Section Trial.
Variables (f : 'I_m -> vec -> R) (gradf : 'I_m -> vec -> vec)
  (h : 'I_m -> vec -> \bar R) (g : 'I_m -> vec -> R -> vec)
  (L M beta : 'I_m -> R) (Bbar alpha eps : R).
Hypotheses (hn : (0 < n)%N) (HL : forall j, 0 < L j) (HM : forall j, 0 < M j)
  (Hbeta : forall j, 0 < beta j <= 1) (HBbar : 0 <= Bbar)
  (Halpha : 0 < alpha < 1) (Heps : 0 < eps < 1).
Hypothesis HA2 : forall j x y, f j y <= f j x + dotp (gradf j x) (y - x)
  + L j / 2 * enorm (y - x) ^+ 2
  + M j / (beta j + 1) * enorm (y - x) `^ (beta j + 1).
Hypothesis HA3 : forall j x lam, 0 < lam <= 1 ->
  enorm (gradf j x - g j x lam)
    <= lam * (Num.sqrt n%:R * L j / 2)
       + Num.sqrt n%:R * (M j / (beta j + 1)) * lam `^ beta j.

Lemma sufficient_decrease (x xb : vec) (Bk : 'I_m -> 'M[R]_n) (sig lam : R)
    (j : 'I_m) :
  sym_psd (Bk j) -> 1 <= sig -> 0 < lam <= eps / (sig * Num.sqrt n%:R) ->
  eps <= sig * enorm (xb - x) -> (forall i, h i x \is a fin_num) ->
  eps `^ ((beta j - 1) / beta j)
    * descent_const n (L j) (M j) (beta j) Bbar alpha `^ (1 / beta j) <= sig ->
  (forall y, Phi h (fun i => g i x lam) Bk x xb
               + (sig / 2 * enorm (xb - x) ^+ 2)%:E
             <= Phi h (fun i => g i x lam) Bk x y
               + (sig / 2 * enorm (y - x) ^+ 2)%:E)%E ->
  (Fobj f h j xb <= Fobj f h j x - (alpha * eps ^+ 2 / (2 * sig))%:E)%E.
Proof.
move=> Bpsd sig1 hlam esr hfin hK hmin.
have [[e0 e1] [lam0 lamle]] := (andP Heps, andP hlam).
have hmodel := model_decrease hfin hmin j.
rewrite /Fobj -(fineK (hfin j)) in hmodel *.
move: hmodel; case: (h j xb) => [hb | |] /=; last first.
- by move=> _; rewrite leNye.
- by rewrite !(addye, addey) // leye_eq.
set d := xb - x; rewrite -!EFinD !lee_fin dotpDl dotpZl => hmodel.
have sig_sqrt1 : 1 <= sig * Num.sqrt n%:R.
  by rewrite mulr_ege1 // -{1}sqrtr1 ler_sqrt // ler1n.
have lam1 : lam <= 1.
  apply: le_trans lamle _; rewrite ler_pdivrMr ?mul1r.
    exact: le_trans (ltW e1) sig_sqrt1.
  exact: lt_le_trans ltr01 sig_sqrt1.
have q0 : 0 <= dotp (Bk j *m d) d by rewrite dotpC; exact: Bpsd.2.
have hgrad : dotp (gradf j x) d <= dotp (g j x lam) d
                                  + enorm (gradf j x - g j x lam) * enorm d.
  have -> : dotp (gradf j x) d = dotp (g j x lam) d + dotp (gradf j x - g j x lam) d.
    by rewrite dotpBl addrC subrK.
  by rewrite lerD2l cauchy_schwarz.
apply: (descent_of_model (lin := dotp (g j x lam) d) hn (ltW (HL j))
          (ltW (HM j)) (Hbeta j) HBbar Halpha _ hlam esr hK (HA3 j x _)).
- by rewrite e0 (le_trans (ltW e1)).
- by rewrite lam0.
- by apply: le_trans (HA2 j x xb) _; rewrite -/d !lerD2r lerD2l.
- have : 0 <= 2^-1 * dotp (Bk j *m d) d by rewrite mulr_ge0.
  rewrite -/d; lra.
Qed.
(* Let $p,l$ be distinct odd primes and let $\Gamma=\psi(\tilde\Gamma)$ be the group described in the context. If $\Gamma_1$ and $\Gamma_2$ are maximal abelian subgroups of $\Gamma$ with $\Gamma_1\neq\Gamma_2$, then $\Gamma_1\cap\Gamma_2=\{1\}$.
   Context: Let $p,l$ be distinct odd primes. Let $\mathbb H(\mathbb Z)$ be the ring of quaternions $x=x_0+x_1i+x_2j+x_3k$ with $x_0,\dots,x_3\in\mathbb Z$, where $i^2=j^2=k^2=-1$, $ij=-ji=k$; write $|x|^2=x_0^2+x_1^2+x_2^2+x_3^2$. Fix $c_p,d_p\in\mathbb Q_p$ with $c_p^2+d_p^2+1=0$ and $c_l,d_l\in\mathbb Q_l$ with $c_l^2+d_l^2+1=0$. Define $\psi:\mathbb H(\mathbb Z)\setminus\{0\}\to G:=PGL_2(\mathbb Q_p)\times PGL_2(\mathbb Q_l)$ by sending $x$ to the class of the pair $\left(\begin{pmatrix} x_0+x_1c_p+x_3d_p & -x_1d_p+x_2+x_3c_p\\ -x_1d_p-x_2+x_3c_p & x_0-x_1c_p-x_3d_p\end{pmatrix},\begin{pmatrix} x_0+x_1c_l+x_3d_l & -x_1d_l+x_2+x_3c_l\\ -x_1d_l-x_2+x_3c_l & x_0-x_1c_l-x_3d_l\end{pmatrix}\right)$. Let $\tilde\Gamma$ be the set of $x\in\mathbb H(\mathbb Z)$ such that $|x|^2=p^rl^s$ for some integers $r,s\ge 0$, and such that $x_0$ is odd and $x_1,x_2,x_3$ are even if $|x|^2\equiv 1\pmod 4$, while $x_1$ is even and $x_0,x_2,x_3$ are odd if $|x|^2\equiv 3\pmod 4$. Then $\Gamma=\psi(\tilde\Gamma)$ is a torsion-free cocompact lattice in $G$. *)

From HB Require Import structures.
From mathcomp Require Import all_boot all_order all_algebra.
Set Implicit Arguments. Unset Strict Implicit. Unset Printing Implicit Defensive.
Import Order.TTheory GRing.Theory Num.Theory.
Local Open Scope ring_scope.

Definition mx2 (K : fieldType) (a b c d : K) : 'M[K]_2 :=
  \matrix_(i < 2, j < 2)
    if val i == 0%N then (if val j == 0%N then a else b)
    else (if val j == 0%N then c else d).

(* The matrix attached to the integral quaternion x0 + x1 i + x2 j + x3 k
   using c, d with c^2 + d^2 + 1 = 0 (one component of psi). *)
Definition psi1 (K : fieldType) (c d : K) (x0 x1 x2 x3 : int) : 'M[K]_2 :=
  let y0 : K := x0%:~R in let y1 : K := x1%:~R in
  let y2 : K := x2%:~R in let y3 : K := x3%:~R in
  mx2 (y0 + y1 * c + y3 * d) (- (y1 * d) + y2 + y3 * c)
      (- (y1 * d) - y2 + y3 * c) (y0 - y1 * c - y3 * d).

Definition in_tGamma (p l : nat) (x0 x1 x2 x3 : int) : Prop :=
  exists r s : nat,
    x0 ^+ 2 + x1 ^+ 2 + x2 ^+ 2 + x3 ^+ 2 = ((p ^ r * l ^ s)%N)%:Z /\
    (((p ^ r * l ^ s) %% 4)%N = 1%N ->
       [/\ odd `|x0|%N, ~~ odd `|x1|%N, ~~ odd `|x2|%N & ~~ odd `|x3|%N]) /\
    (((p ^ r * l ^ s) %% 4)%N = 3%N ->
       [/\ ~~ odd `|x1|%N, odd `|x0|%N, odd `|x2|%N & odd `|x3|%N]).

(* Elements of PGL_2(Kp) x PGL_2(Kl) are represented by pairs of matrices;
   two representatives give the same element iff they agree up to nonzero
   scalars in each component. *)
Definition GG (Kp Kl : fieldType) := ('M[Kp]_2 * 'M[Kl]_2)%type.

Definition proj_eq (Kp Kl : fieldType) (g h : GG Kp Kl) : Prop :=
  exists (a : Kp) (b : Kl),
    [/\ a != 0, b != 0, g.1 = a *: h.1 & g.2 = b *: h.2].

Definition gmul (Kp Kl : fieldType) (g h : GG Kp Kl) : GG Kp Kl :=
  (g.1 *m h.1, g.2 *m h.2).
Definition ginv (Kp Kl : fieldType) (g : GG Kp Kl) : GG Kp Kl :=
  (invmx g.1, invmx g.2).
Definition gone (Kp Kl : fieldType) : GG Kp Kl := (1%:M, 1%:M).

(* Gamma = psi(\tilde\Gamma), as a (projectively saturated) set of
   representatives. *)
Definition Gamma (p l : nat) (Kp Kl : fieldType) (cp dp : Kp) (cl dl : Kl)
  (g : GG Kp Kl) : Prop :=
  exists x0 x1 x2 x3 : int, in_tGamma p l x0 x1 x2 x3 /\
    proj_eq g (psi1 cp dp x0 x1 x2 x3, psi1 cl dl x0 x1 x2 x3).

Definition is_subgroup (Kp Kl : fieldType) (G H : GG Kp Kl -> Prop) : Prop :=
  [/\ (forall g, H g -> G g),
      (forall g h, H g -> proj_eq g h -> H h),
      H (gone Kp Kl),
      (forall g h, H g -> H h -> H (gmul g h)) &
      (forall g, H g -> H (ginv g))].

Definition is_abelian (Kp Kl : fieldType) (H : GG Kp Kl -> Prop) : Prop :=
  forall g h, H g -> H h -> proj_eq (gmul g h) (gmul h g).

> [Requirement] For the listing above, give the number of lines in which the string "ginv" occurs, and nothing else.

> [Result for this exercise] 2